» **Action item**
Below are entries. Copy exactly the lines running from the line that holds "destruct (MVT_gen (H_reduced" to the line that holds "assert (0 <= (z0", with both ends included.

[Supplied material — start]

Lemma pc_integral_decreasing p x y : -1 < p -> x < y -> pc_integral p y < pc_integral p x.
Proof.
  intros Hp Hxy. apply Ropp_lt_cancel.
  apply (incr_function (fun z => - pc_integral p z) m_infty p_infty (pc_integral (p + 1)));
    try easy.
  - intros z _ _. rewrite <- (Ropp_involutive (pc_integral (p + 1) z)).
    apply (is_derive_opp (pc_integral p)). now apply is_derive_pc_integral.
  - intros z _ _. apply pc_integral_pos. lra.
Qed.

Lemma Gamma_pos s : 0 < s -> 0 < Gamma s.
Proof.
  intros Hs. set (g := fun t => Rpower t (s - 1) * exp (- t)).
  assert (Hg : forall t, 0 < t -> continuous g t /\ 0 < g t).
  { intros t Ht. split.
    - apply (ex_derive_continuous (V := R_NormedModule)). unfold g, Rpower. auto_derive. exact Ht.
    - apply Rmult_lt_0_compat; apply exp_pos. }
  apply (is_RInt_gen_gt_0 g); [exact Hg|].
  apply (RInt_gen_correct (V := R_CompleteNormedModule)).
  apply (ex_RInt_gen_Rpower_bounds g (s - 1) 1 (exp ((s + 1) ^ 2)));
    [lra | intros; apply Hg; lra | |];
    intros t Ht; rewrite Rabs_right by (apply Rle_ge, Rlt_le, Hg; lra);
    unfold g, Rpower; rewrite <- !exp_plus.
  - rewrite Rmult_1_l. apply exp_le_compat. lra.
  - apply exp_le_compat. assert (Hln := mul_ln_le (s + 1) t Ht). lra.
Qed.

Lemma psi_eq mu kappa sigma rho x : 0 < kappa -> 0 < sigma ->
  psi mu kappa sigma rho x
    = / Gamma (rho / kappa) * pc_integral (rho / kappa - 1) (sqrt (2 * kappa) / sigma * (mu - x)).
Proof.
  intros Hk Hs. unfold psi. rewrite Dpc_pc_integral.
  replace (- (- rho / kappa)) with (rho / kappa) by (field; lra).
  replace (- ((x - mu) / sigma) * sqrt (2 * kappa)) with (sqrt (2 * kappa) / sigma * (mu - x))
    by (field; lra).
  replace (- (sqrt (2 * kappa) / sigma * (mu - x)) ^ 2 / 4)
    with (- (kappa * (x - mu) ^ 2 / (2 * sigma ^ 2))).
  - rewrite exp_Ropp. unfold Rdiv at 2.
    rewrite <- !Rmult_assoc, Rinv_r, Rmult_1_l by apply Rgt_not_eq, exp_pos. reflexivity.
  - replace ((sqrt (2 * kappa) / sigma * (mu - x)) ^ 2)
      with (sqrt (2 * kappa) ^ 2 * ((mu - x) / sigma) ^ 2) by (field; lra).
    rewrite pow2_sqrt by lra. field. lra.
Qed.

Lemma is_derive_psi mu kappa sigma rho x : 0 < kappa -> 0 < sigma -> 0 < rho ->
  is_derive (psi mu kappa sigma rho) x
    (sqrt (2 * kappa) / sigma / Gamma (rho / kappa)
       * pc_integral (rho / kappa) (sqrt (2 * kappa) / sigma * (mu - x))).
Proof.
  intros Hk Hs Hr. set (a := sqrt (2 * kappa) / sigma).
  assert (Hnu : 0 < rho / kappa) by now apply Rdiv_lt_0_compat.
  apply (is_derive_ext
    (fun y => / Gamma (rho / kappa) * pc_integral (rho / kappa - 1) (a * (mu - y)))).
  { intros y. symmetry. now apply psi_eq. }
  replace (a / Gamma (rho / kappa) * pc_integral (rho / kappa) (a * (mu - x)))
    with (/ Gamma (rho / kappa) * ((- a) * - pc_integral (rho / kappa - 1 + 1) (a * (mu - x))))
    by (replace (rho / kappa - 1 + 1) with (rho / kappa) by ring; unfold Rdiv; ring).
  apply is_derive_scal.
  apply (is_derive_comp (pc_integral (rho / kappa - 1)) (fun y => a * (mu - y))).
  - apply is_derive_pc_integral. lra.
  - auto_derive; [exact I | ring].
Qed.

Definition H_reduced (q z0 z : R) : R := pc_integral q z + (z - z0) * pc_integral (q + 1) z.

Lemma H_reduced_pos q z0 z : -1 < q -> z0 <= z -> 0 < H_reduced q z0 z.
Proof.
  intros Hq Hz. unfold H_reduced.
  assert (H0 := pc_integral_pos q z Hq).
  assert (H1 := pc_integral_pos (q + 1) z ltac:(lra)).
  nra.
Qed.

Lemma is_derive_H_reduced q z0 z : -1 < q ->
  is_derive (H_reduced q z0) z ((z0 - z) * pc_integral (q + 2) z).
Proof.
  intros Hq.
  assert (Hmul := is_derive_mult (fun y => y - z0) (pc_integral (q + 1)) z 1 _
    ltac:(auto_derive; trivial) (is_derive_pc_integral (q + 1) z ltac:(lra)) Rmult_comm).
  assert (Hsum := is_derive_plus _ _ z _ _ (is_derive_pc_integral q z Hq) Hmul).
  replace (q + 1 + 1) with (q + 2) in Hsum by ring.
  replace ((z0 - z) * pc_integral (q + 2) z)
    with (- pc_integral (q + 1) z
          + (1 * pc_integral (q + 1) z + (z - z0) * - pc_integral (q + 2) z))
    by ring.
  exact Hsum.
Qed.

Lemma H_reduced_increasing q z0 y z : -1 < q -> y < z < z0 ->
  H_reduced q z0 y < H_reduced q z0 z.
Proof.
  intros Hq Hyz.
  apply (incr_function (H_reduced q z0) m_infty z0 (fun w => (z0 - w) * pc_integral (q + 2) w));
    simpl; try tauto.
  - intros w _ _. now apply is_derive_H_reduced.
  - intros w _ Hw. apply Rmult_lt_0_compat; [lra | apply pc_integral_pos; lra].
Qed.

(* Below [w = z0 - 1] the slope is at least [pc_integral (q + 2) w > 0]. *)
Lemma H_reduced_neg q z0 : -1 < q -> exists z, H_reduced q z0 z < 0.
Proof.
  intros Hq. set (w := z0 - 1). set (m := pc_integral (q + 2) w).
  assert (Hm : 0 < m) by (apply pc_integral_pos; lra).
  set (z := w - (Rabs (H_reduced q z0 w) + 1) / m).
  assert (Hzw : z < w).
  { unfold z. assert (0 < (Rabs (H_reduced q z0 w) + 1) / m)
      by (apply Rdiv_lt_0_compat; [pose proof (Rabs_pos (H_reduced q z0 w)) |]; lra). lra. }
  exists z.
  destruct (MVT_gen (H_reduced q z0) z w (fun u => (z0 - u) * pc_integral (q + 2) u))
    as [c [Hc Hmvt]].
  - intros u _. now apply is_derive_H_reduced.
  - intros u _. apply continuity_pt_filterlim, (ex_derive_continuous (V := R_NormedModule)).
    eexists. now apply is_derive_H_reduced.
  - rewrite Rmin_left, Rmax_right in Hc by lra.
    assert (Hslope : m <= (z0 - c) * pc_integral (q + 2) c).
    { assert (Hmc : m <= pc_integral (q + 2) c).
      { destruct (Req_dec c w) as [-> | Hcw]; [apply Rle_refl|].
        apply Rlt_le, pc_integral_decreasing; lra. }
      assert (0 <= (z0 - c - 1) * pc_integral (q + 2) c)
        by (apply Rmult_le_pos; unfold w in Hc; lra).
      lra. }
    assert (Hgap : (w - z) * m = Rabs (H_reduced q z0 w) + 1) by (unfold z; field; lra).
    assert (Hle := Rle_abs (H_reduced q z0 w)).
    nra.
Qed.

Lemma unique_root_of_increasing (f : R -> R) z0 : continuity f ->
  (forall z, z0 <= z -> 0 < f z) -> (forall y z, y < z < z0 -> f y < f z) ->
  (exists z, f z < 0) -> exists! z, f z = 0.
Proof.
  intros Hcont Hpos Hincr [z1 Hz1].
  assert (Hz1z0 : z1 < z0)
    by (destruct (Rlt_le_dec z1 z0) as [|Hle]; [|specialize (Hpos _ Hle)]; lra).
  destruct (IVT f z1 z0 Hcont Hz1z0 Hz1 (Hpos z0 (Rle_refl _))) as [w [Hw Hfw]].
  assert (Hbelow : forall y, f y = 0 -> y < z0)
    by (intros y Hy; destruct (Rlt_le_dec y z0) as [|Hle]; [|specialize (Hpos _ Hle)]; lra).
  exists w. split; [exact Hfw|]. intros y Hy.
  assert (Hw0 := Hbelow w Hfw). assert (Hy0 := Hbelow y Hy).
  destruct (Rtotal_order w y) as [Hlt | [Heq | Hgt]]; [| exact Heq |].
  - specialize (Hincr w y (conj Hlt Hy0)). lra.
  - specialize (Hincr y w (conj Hgt Hw0)). lra.
Qed.

Lemma H_reduced_unique_root q z0 : -1 < q -> exists! z, H_reduced q z0 z = 0.
Proof.
  intros Hq. apply (unique_root_of_increasing _ z0).
  - intros z. apply continuity_pt_filterlim, (ex_derive_continuous (V := R_NormedModule)).
    eexists. now apply is_derive_H_reduced.
  - intros z. now apply H_reduced_pos.
  - intros y z. now apply H_reduced_increasing.
  - now apply H_reduced_neg.
Qed.

Lemma unique_root_affine (F G : R -> R) k a b : k <> 0 -> a <> 0 ->
  (forall x, F x = k * G (a * (b - x))) -> (exists! z, G z = 0) -> exists! x, F x = 0.
Proof.
  intros Hk Ha HFG [z [Hz Huniq]].
  exists (b - z / a). split.
  - rewrite HFG. replace (a * (b - (b - z / a))) with z by (field; exact Ha). rewrite Hz. ring.
  - intros x Hx. rewrite HFG in Hx.
    destruct (Rmult_integral _ _ Hx) as [H0 | H0]; [contradiction|].
    rewrite (Huniq _ H0). field. exact Ha.
Qed.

[Supplied material — finish]

» **Task response**
  destruct (MVT_gen (H_reduced q z0) z w (fun u => (z0 - u) * pc_integral (q + 2) u))
    as [c [Hc Hmvt]].
  - intros u _. now apply is_derive_H_reduced.
  - intros u _. apply continuity_pt_filterlim, (ex_derive_continuous (V := R_NormedModule)).
    eexists. now apply is_derive_H_reduced.
  - rewrite Rmin_left, Rmax_right in Hc by lra.
    assert (Hslope : m <= (z0 - c) * pc_integral (q + 2) c).
    { assert (Hmc : m <= pc_integral (q + 2) c).
      { destruct (Req_dec c w) as [-> | Hcw]; [apply Rle_refl|].
        apply Rlt_le, pc_integral_decreasing; lra. }
      assert (0 <= (z0 - c - 1) * pc_integral (q + 2) c)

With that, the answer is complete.